_WHAT IS BEING ASKED_:
Extract each line from the entries below that has the string "lower" in it.

_DATA PROVIDED_:
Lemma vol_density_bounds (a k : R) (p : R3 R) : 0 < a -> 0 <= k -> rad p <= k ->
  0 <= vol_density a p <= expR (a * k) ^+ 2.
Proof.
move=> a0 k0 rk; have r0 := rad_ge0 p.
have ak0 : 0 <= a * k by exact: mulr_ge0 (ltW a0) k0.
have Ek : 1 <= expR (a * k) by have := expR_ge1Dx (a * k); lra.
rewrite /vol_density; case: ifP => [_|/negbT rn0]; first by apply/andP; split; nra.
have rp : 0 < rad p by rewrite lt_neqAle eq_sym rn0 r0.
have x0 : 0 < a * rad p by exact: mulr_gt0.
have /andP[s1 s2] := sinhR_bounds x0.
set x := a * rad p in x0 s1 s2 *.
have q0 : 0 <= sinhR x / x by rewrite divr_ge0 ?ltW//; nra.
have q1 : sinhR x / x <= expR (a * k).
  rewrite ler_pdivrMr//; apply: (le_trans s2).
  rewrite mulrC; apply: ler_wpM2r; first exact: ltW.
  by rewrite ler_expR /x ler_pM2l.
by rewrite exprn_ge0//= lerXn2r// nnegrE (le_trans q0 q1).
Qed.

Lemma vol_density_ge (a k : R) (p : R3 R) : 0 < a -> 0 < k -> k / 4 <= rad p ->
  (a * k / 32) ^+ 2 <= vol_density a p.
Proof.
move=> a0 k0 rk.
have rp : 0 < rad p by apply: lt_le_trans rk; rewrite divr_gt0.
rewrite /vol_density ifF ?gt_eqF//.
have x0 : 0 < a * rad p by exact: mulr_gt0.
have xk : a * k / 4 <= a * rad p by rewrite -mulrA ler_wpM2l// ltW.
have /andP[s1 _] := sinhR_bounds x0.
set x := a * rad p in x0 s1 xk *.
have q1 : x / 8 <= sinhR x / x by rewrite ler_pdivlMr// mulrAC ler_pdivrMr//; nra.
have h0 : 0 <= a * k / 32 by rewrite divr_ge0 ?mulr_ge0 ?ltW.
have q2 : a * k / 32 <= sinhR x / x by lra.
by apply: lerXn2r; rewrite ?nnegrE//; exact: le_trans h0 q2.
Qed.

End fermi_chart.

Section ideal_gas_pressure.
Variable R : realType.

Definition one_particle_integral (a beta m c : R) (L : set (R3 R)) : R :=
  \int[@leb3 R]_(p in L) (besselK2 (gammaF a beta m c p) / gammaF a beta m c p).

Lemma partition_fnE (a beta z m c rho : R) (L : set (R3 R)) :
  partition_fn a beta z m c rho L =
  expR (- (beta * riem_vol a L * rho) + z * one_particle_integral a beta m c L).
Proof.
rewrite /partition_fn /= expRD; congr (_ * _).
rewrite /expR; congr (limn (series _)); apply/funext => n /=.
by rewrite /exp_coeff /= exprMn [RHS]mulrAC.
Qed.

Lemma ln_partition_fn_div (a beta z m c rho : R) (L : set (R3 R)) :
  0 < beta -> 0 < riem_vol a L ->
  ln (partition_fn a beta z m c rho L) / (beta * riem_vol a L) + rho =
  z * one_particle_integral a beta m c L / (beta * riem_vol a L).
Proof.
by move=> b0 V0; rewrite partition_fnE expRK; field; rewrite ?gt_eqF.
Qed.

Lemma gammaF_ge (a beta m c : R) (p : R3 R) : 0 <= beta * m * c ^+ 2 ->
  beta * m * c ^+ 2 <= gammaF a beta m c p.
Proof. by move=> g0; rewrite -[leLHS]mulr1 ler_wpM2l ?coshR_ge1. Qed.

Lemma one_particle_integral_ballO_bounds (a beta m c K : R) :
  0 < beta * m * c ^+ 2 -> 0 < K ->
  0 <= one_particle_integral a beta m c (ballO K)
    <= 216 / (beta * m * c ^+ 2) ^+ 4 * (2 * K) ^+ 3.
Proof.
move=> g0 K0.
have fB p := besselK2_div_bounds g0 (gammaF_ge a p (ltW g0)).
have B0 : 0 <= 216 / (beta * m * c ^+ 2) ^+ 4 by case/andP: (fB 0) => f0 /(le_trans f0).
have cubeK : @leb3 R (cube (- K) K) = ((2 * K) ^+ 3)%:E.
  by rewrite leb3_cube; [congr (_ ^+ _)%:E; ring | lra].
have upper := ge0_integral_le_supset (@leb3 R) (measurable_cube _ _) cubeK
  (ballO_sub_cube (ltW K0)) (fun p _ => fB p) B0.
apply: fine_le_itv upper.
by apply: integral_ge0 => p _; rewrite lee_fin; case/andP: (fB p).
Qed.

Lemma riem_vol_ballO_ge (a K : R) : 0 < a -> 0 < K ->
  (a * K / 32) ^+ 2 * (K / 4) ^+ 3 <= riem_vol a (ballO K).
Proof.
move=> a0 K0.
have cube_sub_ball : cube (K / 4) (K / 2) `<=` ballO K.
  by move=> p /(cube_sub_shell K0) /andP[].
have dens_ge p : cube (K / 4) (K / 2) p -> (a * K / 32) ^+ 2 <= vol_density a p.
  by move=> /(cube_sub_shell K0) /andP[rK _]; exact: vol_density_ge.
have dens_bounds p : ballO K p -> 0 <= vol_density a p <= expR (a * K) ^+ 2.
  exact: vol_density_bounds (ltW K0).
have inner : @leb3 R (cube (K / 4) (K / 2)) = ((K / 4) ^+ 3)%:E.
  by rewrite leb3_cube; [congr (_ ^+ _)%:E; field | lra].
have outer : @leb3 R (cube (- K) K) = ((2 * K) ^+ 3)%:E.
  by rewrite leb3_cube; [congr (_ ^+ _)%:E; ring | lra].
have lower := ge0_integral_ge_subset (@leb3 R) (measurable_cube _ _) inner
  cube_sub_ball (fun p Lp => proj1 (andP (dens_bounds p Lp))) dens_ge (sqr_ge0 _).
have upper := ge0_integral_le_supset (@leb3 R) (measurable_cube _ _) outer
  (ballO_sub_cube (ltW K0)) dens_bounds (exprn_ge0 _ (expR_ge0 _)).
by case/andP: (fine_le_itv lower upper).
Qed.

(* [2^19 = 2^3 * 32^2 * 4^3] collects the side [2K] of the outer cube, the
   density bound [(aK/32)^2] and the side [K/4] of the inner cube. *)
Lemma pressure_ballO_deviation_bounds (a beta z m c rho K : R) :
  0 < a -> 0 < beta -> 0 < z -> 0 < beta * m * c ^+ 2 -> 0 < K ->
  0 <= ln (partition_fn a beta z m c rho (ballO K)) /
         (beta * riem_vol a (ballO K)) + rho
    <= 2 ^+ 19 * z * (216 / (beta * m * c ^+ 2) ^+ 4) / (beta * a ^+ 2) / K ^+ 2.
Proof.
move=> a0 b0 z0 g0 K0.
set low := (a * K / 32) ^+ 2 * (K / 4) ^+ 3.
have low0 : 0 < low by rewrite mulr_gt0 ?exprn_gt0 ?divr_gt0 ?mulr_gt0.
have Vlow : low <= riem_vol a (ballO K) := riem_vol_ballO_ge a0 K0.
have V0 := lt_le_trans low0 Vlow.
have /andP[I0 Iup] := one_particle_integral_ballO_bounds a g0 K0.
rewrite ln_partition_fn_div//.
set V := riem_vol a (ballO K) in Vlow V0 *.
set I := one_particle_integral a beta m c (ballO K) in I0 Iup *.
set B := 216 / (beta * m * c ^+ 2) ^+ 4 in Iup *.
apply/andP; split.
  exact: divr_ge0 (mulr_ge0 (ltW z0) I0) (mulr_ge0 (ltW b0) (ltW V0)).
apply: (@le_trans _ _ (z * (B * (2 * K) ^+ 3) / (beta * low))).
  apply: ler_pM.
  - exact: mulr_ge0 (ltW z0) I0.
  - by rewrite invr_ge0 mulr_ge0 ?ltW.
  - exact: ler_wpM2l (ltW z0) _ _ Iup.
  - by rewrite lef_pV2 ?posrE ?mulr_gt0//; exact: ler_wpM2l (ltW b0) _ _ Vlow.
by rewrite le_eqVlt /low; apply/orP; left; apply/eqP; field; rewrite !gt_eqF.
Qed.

_RESPONSE TO THIS TASK_:
have lower := ge0_integral_ge_subset (@leb3 R) (measurable_cube _ _) inner
by case/andP: (fine_le_itv lower upper).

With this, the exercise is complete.